===== MATERIAL PROVIDED
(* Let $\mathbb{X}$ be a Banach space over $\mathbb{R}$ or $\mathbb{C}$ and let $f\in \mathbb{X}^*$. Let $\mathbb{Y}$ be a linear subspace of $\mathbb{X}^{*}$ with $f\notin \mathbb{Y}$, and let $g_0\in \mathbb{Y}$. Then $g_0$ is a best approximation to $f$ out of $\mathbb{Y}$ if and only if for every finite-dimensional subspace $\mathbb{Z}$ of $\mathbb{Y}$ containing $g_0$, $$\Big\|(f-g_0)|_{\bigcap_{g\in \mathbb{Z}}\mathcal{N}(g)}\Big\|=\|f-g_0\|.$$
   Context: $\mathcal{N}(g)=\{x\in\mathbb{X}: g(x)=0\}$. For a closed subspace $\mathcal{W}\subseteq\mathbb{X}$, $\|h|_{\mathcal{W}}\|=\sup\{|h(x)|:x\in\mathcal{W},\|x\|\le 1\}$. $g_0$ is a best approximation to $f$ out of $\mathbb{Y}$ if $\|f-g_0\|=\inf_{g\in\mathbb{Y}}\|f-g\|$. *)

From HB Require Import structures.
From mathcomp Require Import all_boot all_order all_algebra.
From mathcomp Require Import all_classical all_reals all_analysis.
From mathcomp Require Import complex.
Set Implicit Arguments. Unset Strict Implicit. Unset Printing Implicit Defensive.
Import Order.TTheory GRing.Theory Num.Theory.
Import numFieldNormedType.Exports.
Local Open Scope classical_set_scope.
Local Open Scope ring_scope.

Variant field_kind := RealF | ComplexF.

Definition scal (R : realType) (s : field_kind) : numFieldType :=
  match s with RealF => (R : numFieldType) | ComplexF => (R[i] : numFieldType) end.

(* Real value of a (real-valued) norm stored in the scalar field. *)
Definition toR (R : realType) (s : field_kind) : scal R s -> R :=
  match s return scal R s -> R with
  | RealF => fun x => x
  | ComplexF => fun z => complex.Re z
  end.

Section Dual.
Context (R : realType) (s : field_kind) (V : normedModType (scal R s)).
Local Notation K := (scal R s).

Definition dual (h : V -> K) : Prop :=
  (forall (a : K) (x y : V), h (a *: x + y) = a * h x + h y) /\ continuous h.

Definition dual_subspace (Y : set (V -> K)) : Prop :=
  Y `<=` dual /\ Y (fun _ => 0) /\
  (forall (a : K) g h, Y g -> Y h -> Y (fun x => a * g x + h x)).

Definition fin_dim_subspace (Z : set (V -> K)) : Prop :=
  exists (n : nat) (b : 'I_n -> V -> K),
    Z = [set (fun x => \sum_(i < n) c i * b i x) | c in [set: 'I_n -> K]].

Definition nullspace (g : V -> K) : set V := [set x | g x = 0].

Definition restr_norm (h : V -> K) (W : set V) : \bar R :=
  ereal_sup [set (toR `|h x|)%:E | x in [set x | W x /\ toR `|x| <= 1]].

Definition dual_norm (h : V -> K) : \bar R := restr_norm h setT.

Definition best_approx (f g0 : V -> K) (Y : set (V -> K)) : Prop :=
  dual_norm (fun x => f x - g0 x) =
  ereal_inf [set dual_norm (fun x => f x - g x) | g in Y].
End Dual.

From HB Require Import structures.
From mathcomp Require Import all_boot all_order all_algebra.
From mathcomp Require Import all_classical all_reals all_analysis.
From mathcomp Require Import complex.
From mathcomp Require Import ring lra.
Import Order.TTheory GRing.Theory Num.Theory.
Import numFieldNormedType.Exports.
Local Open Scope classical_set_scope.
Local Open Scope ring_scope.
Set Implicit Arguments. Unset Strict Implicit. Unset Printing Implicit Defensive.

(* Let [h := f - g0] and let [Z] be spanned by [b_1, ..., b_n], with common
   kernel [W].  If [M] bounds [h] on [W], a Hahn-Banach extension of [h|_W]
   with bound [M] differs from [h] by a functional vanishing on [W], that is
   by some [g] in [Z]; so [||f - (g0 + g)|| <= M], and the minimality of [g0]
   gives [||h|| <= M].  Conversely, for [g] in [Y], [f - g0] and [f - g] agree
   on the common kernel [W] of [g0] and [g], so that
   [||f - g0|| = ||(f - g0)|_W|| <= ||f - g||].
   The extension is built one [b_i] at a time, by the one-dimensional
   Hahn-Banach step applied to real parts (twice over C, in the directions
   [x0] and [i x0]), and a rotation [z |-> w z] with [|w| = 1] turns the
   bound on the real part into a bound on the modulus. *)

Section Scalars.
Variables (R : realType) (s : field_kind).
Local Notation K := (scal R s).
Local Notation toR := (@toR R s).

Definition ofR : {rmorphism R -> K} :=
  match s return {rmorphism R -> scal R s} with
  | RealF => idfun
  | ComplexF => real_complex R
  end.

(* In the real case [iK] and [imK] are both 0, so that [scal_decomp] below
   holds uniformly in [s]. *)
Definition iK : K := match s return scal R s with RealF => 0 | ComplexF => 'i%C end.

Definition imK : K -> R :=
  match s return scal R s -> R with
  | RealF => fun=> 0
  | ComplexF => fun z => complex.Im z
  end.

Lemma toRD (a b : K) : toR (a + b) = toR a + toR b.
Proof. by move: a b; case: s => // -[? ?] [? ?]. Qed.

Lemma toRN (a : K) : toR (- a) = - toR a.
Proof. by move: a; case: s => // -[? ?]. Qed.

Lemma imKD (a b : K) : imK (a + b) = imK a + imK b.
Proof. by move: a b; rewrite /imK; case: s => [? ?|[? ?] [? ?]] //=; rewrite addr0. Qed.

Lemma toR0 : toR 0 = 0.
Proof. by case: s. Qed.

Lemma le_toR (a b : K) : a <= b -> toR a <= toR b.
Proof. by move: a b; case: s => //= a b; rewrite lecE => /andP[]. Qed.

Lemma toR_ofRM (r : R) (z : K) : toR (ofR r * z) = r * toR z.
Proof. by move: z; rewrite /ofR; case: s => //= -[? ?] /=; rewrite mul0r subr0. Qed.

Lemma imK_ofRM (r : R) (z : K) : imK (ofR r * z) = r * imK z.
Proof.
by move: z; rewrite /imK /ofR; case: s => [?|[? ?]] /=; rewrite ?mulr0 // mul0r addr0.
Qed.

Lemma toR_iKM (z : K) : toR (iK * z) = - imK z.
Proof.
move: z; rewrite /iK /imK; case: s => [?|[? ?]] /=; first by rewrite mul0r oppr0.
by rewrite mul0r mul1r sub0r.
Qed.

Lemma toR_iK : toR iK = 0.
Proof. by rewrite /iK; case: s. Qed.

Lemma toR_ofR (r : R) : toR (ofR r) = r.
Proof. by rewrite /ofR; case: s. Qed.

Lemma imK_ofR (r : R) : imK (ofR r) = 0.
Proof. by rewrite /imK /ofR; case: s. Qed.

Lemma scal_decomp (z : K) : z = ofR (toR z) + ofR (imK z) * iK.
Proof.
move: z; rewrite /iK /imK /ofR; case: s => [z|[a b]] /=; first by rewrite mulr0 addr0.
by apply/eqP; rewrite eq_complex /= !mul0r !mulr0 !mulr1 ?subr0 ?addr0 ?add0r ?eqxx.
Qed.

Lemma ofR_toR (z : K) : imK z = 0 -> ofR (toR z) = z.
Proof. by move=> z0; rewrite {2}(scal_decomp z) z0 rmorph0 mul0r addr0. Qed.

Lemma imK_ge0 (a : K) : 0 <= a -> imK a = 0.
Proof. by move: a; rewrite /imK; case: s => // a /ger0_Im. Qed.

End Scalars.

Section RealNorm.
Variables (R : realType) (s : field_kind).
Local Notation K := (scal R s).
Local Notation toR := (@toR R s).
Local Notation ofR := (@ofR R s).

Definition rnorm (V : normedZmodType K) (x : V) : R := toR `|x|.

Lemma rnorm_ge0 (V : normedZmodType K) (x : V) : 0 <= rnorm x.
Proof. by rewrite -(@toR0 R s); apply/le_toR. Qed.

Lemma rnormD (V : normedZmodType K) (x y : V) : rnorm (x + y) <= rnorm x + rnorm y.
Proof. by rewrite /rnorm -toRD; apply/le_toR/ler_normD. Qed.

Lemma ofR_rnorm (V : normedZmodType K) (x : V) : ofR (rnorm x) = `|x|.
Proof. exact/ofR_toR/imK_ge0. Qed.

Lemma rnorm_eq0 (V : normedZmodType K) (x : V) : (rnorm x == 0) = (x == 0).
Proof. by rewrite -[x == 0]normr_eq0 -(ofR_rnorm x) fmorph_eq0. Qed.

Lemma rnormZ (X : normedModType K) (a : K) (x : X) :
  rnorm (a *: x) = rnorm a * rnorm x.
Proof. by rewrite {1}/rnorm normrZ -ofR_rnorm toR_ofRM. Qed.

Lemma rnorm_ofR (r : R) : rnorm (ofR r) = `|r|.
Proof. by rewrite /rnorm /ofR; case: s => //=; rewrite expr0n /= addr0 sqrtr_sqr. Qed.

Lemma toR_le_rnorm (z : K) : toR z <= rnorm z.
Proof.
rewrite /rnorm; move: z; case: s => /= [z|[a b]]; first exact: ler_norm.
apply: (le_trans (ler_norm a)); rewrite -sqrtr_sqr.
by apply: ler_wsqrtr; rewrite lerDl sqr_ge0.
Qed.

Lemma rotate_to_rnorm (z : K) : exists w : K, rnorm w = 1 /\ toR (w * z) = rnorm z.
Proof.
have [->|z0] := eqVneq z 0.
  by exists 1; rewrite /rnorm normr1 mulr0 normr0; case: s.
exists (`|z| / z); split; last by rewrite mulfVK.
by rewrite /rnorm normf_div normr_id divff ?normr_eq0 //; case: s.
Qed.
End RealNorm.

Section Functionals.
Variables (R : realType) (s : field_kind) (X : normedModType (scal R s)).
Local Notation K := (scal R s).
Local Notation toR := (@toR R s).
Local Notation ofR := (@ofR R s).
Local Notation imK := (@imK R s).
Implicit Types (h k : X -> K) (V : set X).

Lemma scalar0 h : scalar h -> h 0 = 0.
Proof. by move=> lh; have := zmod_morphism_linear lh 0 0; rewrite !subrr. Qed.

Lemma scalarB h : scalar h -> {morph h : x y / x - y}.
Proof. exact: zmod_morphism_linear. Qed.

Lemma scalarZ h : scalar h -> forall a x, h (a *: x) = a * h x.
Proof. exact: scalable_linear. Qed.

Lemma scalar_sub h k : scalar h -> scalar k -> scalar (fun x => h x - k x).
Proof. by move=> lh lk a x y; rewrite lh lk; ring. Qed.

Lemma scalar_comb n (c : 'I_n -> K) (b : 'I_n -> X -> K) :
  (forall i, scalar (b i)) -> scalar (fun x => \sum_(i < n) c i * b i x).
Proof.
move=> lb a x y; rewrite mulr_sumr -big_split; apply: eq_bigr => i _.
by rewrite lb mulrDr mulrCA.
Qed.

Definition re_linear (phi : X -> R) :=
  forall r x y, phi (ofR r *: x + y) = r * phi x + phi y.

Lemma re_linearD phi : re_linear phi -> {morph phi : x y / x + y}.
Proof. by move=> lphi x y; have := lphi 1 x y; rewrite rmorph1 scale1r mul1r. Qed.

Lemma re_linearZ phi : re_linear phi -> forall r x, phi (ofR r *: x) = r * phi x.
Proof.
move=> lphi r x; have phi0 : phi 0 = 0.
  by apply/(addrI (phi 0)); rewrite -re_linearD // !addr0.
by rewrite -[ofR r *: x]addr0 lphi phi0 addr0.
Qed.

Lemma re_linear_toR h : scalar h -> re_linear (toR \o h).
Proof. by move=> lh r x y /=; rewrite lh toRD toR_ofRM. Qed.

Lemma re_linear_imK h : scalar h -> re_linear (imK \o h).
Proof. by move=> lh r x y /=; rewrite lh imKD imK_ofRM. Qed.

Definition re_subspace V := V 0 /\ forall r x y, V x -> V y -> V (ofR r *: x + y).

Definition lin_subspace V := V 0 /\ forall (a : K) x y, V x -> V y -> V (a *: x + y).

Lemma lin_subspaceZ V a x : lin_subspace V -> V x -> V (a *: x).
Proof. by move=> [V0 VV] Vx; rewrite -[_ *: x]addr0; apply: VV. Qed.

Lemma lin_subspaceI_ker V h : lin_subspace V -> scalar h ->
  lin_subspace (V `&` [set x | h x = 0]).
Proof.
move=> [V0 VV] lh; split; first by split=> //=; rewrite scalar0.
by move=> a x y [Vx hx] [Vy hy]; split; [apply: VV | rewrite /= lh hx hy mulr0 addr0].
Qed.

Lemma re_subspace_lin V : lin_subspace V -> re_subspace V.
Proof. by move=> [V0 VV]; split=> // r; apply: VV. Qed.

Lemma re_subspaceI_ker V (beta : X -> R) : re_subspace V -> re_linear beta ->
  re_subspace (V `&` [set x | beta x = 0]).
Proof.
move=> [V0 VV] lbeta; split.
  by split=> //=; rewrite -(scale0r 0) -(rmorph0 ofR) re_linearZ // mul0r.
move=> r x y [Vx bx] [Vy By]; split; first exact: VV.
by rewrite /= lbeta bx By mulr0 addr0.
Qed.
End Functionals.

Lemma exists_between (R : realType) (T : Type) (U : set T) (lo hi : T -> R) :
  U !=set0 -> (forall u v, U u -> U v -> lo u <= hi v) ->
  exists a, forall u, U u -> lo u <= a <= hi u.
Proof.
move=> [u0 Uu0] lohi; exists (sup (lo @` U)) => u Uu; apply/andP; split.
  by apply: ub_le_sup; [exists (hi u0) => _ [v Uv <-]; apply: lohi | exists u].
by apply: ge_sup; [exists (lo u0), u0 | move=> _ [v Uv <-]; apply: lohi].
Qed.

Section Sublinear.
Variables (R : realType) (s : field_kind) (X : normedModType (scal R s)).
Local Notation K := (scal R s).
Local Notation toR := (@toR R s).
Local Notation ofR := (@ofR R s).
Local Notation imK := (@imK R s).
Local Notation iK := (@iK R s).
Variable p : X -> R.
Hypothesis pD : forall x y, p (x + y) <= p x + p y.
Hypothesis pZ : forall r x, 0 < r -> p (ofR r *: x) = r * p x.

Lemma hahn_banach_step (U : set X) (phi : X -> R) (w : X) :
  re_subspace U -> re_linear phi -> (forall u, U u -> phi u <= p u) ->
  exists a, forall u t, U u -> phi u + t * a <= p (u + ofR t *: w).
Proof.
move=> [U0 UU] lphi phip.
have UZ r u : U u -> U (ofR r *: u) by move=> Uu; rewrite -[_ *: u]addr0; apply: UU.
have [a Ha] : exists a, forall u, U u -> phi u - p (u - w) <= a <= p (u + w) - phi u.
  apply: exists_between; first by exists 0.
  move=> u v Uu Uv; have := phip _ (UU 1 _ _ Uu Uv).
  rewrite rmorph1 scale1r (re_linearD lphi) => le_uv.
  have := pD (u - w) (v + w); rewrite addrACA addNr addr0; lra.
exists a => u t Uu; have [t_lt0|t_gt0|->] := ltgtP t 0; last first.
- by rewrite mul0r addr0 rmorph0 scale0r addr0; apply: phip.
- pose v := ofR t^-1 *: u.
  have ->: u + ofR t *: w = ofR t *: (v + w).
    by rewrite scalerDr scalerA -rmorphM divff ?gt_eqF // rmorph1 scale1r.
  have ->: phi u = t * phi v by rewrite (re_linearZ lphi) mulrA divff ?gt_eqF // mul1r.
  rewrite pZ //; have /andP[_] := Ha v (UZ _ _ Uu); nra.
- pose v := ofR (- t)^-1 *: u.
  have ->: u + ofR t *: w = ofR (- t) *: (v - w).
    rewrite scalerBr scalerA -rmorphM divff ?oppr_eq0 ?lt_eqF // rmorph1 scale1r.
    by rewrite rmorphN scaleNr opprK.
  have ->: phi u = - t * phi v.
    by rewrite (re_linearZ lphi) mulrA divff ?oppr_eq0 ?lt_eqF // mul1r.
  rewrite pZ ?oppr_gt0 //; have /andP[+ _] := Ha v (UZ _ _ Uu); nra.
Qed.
==========
_TASK TO CARRY OUT:_ Within the listing above, the range opens at the line with "Proof. by move: a; rewrite" and closes at the line with "rnorm (a *: x) = rnorm a * rnorm x.". Reproduce exactly the lines of that range, including both ends.

_OUTPUT:_
Proof. by move: a; rewrite /imK; case: s => // a /ger0_Im. Qed.

End Scalars.

Section RealNorm.
Variables (R : realType) (s : field_kind).
Local Notation K := (scal R s).
Local Notation toR := (@toR R s).
Local Notation ofR := (@ofR R s).

Definition rnorm (V : normedZmodType K) (x : V) : R := toR `|x|.

Lemma rnorm_ge0 (V : normedZmodType K) (x : V) : 0 <= rnorm x.
Proof. by rewrite -(@toR0 R s); apply/le_toR. Qed.

Lemma rnormD (V : normedZmodType K) (x y : V) : rnorm (x + y) <= rnorm x + rnorm y.
Proof. by rewrite /rnorm -toRD; apply/le_toR/ler_normD. Qed.

Lemma ofR_rnorm (V : normedZmodType K) (x : V) : ofR (rnorm x) = `|x|.
Proof. exact/ofR_toR/imK_ge0. Qed.

Lemma rnorm_eq0 (V : normedZmodType K) (x : V) : (rnorm x == 0) = (x == 0).
Proof. by rewrite -[x == 0]normr_eq0 -(ofR_rnorm x) fmorph_eq0. Qed.

Lemma rnormZ (X : normedModType K) (a : K) (x : X) :
  rnorm (a *: x) = rnorm a * rnorm x.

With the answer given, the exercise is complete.